(* Under the Standing Setup and Assumption (G) described in the context, suppose there exists exactly one $a\in V_k$ such that $\mathcal{E}(f\oplus\varphi_a)\neq0$. Then $$\mathcal{E}(PC_{f,\mathcal{T}})=\big[\mathcal{E}(f\oplus\varphi_a)\big]^{2^s}.$$ In particular, if $f$ is $(k-1)$-resilient, then $\mathcal{E}(PC_{f,\mathcal{T}})=\big[\mathcal{E}(f\oplus\varphi_{1_k})\big]^{2^s}$, where $1_k\in\mathbf{F}_2^n$ has its first $k$ coordinates equal to $1$ and the others equal to $0$.
   Context: Standing Setup. $f:\mathbf{F}_2^n\to\mathbf{F}_2$ is a Boolean function. $\mathbf{x}_1,\ldots,\mathbf{x}_n$ are binary sequences, $\mathbf{x}_j=(x_j(t))_{t\ge0}$, with $\mathbf{x}_j$ periodic of period $T_j$, i.e. $x_j(t)=x_j(t \bmod T_j)$. Let $s\ge1$ and integers $0=\ell_1<\ell_2<\cdots<\ell_{s+1}=k\le n$; variable $j$ belongs to block $i$ if $\ell_i<j\le\ell_{i+1}$. For $1\le i\le s$, $M_i=q_i\,\mathrm{lcm}(T_{\ell_i+1},\ldots,T_{\ell_{i+1}})$ with $q_i$ a positive integer. For $c=\sum_{i=1}^s c_i2^{i-1}\in\{0,\ldots,2^s-1\}$ with $c_i\in\{0,1\}$, put $\tau_c=\sum_{i=1}^s c_iM_i$, and $\mathcal{T}=\{\tau_c\}$. The parity-check sequence is $PC_{f,\mathcal{T}}(t)=\bigoplus_{c=0}^{2^s-1} f\big(x_1(t+\tau_c),\ldots,x_n(t+\tau_c)\big)$. The bias of a Boolean function $h$ of $m$ variables is $\mathcal{E}(h)=2^{-m}\sum_{x\in\mathbf{F}_2^m}(-1)^{h(x)}$. The bias $\mathcal{E}(PC_{f,\mathcal{T}})$ is the bias of $PC_{f,\mathcal{T}}(t)$ (for a fixed $t\ge0$) viewed as a Boolean function of the $T_1+\cdots+T_n$ bits $x_j(0),\ldots,x_j(T_j-1)$, $1\le j\le n$; equivalently $\mathbb{E}[(-1)^{PC_{f,\mathcal{T}}(t)}]$ when these bits are independent and uniform. Assumption (G): (i) for every $j$ with $k<j\le n$, the $2^s$ integers $\tau_c$ are pairwise incongruent modulo $T_j$; (ii) for every $i\in\{1,\ldots,s\}$ and every $j$ in block $i$, the $2^{s-1}$ integers $\sum_{l\ne i}c_lM_l$ ($c_l\in\{0,1\}$) are pairwise incongruent modulo $T_j$. $V_k\subseteq\mathbf{F}_2^n$ is the subspace spanned by the first $k$ standard basis vectors. For $\beta\in\mathbf{F}_2^n$, $\varphi_\beta$ is the linear function $x\mapsto\beta\cdot x$. A Boolean function $f$ of $n$ variables is $t$-resilient if $\mathcal{E}(f\oplus\varphi_\beta)=0$ for every $\beta\in\mathbf{F}_2^n$ of Hamming weight at most $t$ (equivalently, $f$ is balanced and its output distribution is unchanged when any $t$ inputs are fixed). *)

From HB Require Import structures.
From mathcomp Require Import all_boot all_order all_algebra.
Set Implicit Arguments. Unset Strict Implicit. Unset Printing Implicit Defensive.
Import Order.TTheory GRing.Theory Num.Theory.

(* Conventions: variables are 0-based, j : 'I_n stands for x_{j+1};
   blocks are 0-based, i < s stands for block i+1.
   Booleans represent F_2. *)

Local Open Scope ring_scope.

Definition bias (A : finType) (h : A -> bool) : rat :=
  (\sum_(a : A) (-1) ^+ h a) / #|A|%:R.

Definition dotb n (beta x : {ffun 'I_n -> bool}) : bool :=
  \big[addb/false]_(i < n) (beta i && x i).

Definition inVk n k (a : {ffun 'I_n -> bool}) : bool :=
  [forall i : 'I_n, (k <= i)%N ==> ~~ a i].

Definition onek n k : {ffun 'I_n -> bool} := [ffun i : 'I_n => (i < k)%N].

Definition hweight n (b : {ffun 'I_n -> bool}) : nat := #|[set i | b i]|.

Definition resilient n (f : {ffun 'I_n -> bool} -> bool) (t : nat) : Prop :=
  forall beta : {ffun 'I_n -> bool}, (hweight beta <= t)%N ->
    bias (fun x => f x (+) dotb beta x) = 0.

(* The random initial bits: x_j(0), ..., x_j(T_j - 1) for each j. *)
Definition bitsT n (T : nat -> nat) : finType := {j : 'I_n & 'I_(T j)}.
Definition Bits n (T : nat -> nat) := {ffun bitsT n T -> bool}.

(* Value of the periodic sequence x_j at time t: x_j(t) = x_j(t mod T_j). *)
Definition xval n (T : nat -> nat) (X : Bits n T) (j : 'I_n) (t : nat) : bool :=
  match @insub nat (fun m => (m < T j)%N) 'I_(T j) (t %% T j)%N with
  | Some i => X (Tagged (fun j : 'I_n => 'I_(T j)) i)
  | None => false
  end.

(* M_i = q_i * lcm(T_j : j in block i), block i = { j | l i <= j < l (i+1) } *)
Definition Mblk (T q l : nat -> nat) (i : nat) : nat :=
  (q i * \big[lcmn/1%N]_(l i <= j < l i.+1) T j)%N.

Definition tau s (T q l : nat -> nat) (c : {ffun 'I_s -> bool}) : nat :=
  (\sum_(i < s) c i * Mblk T q l i)%N.

Definition PC n s (T q l : nat -> nat) (f : {ffun 'I_n -> bool} -> bool)
    (X : Bits n T) (t : nat) : bool :=
  \big[addb/false]_(c : {ffun 'I_s -> bool})
     f [ffun j : 'I_n => xval X j (t + tau T q l c)].

Definition assumptionG n k s (T q l : nat -> nat) : Prop :=
  (forall j : nat, (k <= j < n)%N ->
     forall c1 c2 : {ffun 'I_s -> bool},
       tau T q l c1 = tau T q l c2 %[mod T j] -> c1 = c2)
  /\
  (forall i : 'I_s, forall j : nat, (l i <= j < l i.+1)%N ->
     forall c1 c2 : {ffun 'I_s -> bool}, c1 i = false -> c2 i = false ->
       tau T q l c1 = tau T q l c2 %[mod T j] -> c1 = c2).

——

[Exercise instructions] Scan the records above for the lines holding "Definition onek n" and "Definition bitsT n". Transcribe those two and every line between them word for word, and no others.

[Solved exercise]
Definition onek n k : {ffun 'I_n -> bool} := [ffun i : 'I_n => (i < k)%N].

Definition hweight n (b : {ffun 'I_n -> bool}) : nat := #|[set i | b i]|.

Definition resilient n (f : {ffun 'I_n -> bool} -> bool) (t : nat) : Prop :=
  forall beta : {ffun 'I_n -> bool}, (hweight beta <= t)%N ->
    bias (fun x => f x (+) dotb beta x) = 0.

(* The random initial bits: x_j(0), ..., x_j(T_j - 1) for each j. *)
Definition bitsT n (T : nat -> nat) : finType := {j : 'I_n & 'I_(T j)}.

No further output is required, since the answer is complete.